EXPLANATORY STATEMENT

SELECT LEGISLATIVE INSTRUMENT NO. 209

Issued by authority of the Treasurer

Corporations Act 2001

Corporations Amendment (Simple Corporate Bonds and Other Measures) Regulation 2014

Subsection 1364(1) of the Corporations Act 2001 (the Act) provides that the Governor-General may make regulations prescribing matters required or permitted by the Act to be prescribed, or necessary or convenient to be prescribed for carrying out or giving effect to the Act.
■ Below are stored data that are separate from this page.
(* Let $W=I_2(m)$, $m\ge3$, and let $\kappa^{(i)}_{\alpha,\beta},\kappa^{(i)}_{\beta,\alpha}$ ($1\le i\le m-2$) be the coefficients defined below. Put $D=\sum_{i=1}^{m-1}(-1)^i\big(\delta^{(m-i)}_{\alpha\ldots}+\delta^{(m-i)}_{\beta\ldots}\big)$. If $m$ is even, then $$X^{(m)}_{\alpha\ldots}=\sum_{i=1}^{m-2}(-1)^{m-i}\kappa^{(i)}_{\omega_i,\omega_{i+1}}X^{(i)}_{\omega_i\ldots}+y_{\Sigma^+}\big(\delta^{(m)}_{\alpha\ldots}+D+\mathbf 1\big),$$ $$X^{(m)}_{\beta\ldots}=\sum_{i=1}^{m-2}(-1)^{m-i}\kappa^{(i)}_{\omega_{i+1},\omega_i}X^{(i)}_{\omega_{i+1}\ldots}+y_{\Sigma^+}\big(\delta^{(m)}_{\beta\ldots}+D+\mathbf 1\big).$$ If $m$ is odd, then $$X^{(m)}_{\alpha\ldots}=\sum_{i=1}^{m-2}(-1)^{m-i}\kappa^{(i)}_{\omega_{i+1},\omega_i}X^{(i)}_{\omega_{i+1}\ldots}-y_{\Sigma^+}\big(\delta^{(m)}_{\alpha\ldots}+D-\mathbf 1\big),$$ $$X^{(m)}_{\beta\ldots}=\sum_{i=1}^{m-2}(-1)^{m-i}\kappa^{(i)}_{\omega_i,\omega_{i+1}}X^{(i)}_{\omega_i\ldots}-y_{\Sigma^+}\big(\delta^{(m)}_{\beta\ldots}+D-\mathbf 1\big).$$
   Context: General setup: $W$ a finite real reflection group with root system $\Sigma$; $\mathcal{R}\subset\mathbb{R}$ the smallest subring containing all coefficients of roots in the basis of simple roots, with $\mathbb{Z}$-basis $B=(e_1=1,\dots,e_l)$; $R$ an integral domain containing $\mathcal{R}$; $F$ a one-dimensional commutative formal group law over $R$; $\Lambda$ the lattice spanned by $r\gamma$, $r\in\mathcal{R}$, $\gamma\in\Sigma$; $\mathcal{S}=R[[\Lambda]]/\mathcal{J}_F$ (completion of $R[x_\lambda:\lambda\in\Lambda]$ at the augmentation ideal, modulo the closed ideal generated by $x_0$ and $x_{e_i\gamma+e_j\gamma'}-((e_i\cdot_Fx_\gamma)+_F(e_j\cdot_Fx_{\gamma'}))$, where $e_i\cdot_F u=e_iu$), with $W$ acting by $w(x_\lambda)=x_{w(\lambda)}$; $\mathcal{Q}$ the localization of $\mathcal{S}$ at all $x_\gamma$; $\mathcal{Q}_W=\mathcal{Q}\otimes_RR[W]$ with left $\mathcal{Q}$-basis $\{\delta_w\}$ and product $(q\delta_w)(q'\delta_{w'})=q\,w(q')\delta_{ww'}$, $\mathbf 1=\delta_1$; $\delta_\gamma=\delta_{s_\gamma}$, $X_\gamma=\frac1{x_\gamma}(\mathbf 1-\delta_\gamma)$. Dihedral notation: $W=I_2(m)$ with simple roots $\alpha,\beta$; $\Sigma^+$ the positive roots; $y_\gamma=1/x_\gamma\in\mathcal{Q}$ and $y_{\Sigma^+}=\prod_{\gamma\in\Sigma^+}y_\gamma$. $X^{(i)}_{\alpha\ldots}=X_\alpha X_\beta X_\alpha\cdots$ ($i$ alternating factors), $X^{(i)}_{\beta\ldots}=X_\beta X_\alpha\cdots$, similarly $\delta^{(i)}_{\alpha\ldots},\delta^{(i)}_{\beta\ldots}$ (products of $\delta_\alpha,\delta_\beta$) and $s^{(i)}_{\alpha\ldots},s^{(i)}_{\beta\ldots}$. $\omega_i=\alpha$ if $i$ is even and $\omega_i=\beta$ if $i$ is odd; $X^{(i)}_{\omega_i\ldots}$ means $X^{(i)}_{\alpha\ldots}$ or $X^{(i)}_{\beta\ldots}$ accordingly, and $\kappa^{(i)}_{\omega_i,\omega_{i+1}}$ means $\kappa^{(i)}_{\alpha,\beta}$ or $\kappa^{(i)}_{\beta,\alpha}$ accordingly. The elements $\kappa^{(i)}_{\alpha,\beta},\kappa^{(i)}_{\beta,\alpha}\in\mathcal{Q}$ ($1\le i\le m-2$) are the unique elements with $X^{(m)}_{\alpha\ldots}-X^{(m)}_{\beta\ldots}=\sum_{i=1}^{m-2}\big(\kappa^{(i)}_{\alpha,\beta}X^{(i)}_{\alpha\ldots}-\kappa^{(i)}_{\beta,\alpha}X^{(i)}_{\beta\ldots}\big)$. *)

From HB Require Import structures.
From mathcomp Require Import all_boot all_order all_algebra.
Set Implicit Arguments. Unset Strict Implicit. Unset Printing Implicit Defensive.
Import Order.TTheory GRing.Theory Num.Theory.
Local Open Scope ring_scope.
Subsection 742(2) of the Act provides for regulations to be made in relation to financial products. 

 

The purpose of Corporations Amendment (Simple Corporate Bonds and Other Measures) Regulation 2014 (Regulation) is to specify the structure and content of the prospectus material when offering simple corporate bonds in the retail market.

The Act requires disclosure through a prospectus when bonds are offered for sale to the retail market.  The Act requires offers of simple corporate bonds in the retail market to be accompanied by a 2-part prospectus.  While the Act sets out the framework for the 2-part prospectus, the structure and content is to be specified by regulations.

 

The amendment is in respect of the provisions in Part 6D.2 of the Act, dealing with disclosure to investors about securities.

 

The 2-part prospectus comprises is to comprise a base prospectus and an offer-specific prospectus. 

 

Information that is required to be contained in the base prospectus is general information about the issuer and their bonds that is unlikely to significantly change over the life of the base prospectus.  The prospectus would contain information about what constitutes a bond offer; what information investors need to know about the bonds being offered; information about the bond issuer; the risks involved in investing in the bonds; other information relevant to investing in the bonds; and a glossary of key terms.

 

The offer-specific prospectus must contain information that is specific to the offer of simple corporate bonds that is material to a consumer's decision to invest in that offer of bonds.  The offer-specific prospectus would contain key dates and details of the offer of bonds and any other offer-specific information relevant to a consumer's decision in investing in the bonds.

 

Details of the Regulation are set out in the Attachment.

 

The Regulation is a legislative instrument for the purposes of the Legislative Instruments Act 2003.

 

The Act does not specify any conditions that need to be satisfied before the power to make the Regulation may be exercised.

 

Draft regulations were exposed for public consultation on the Treasury website from 21 October 2014 to 14 November 2014. 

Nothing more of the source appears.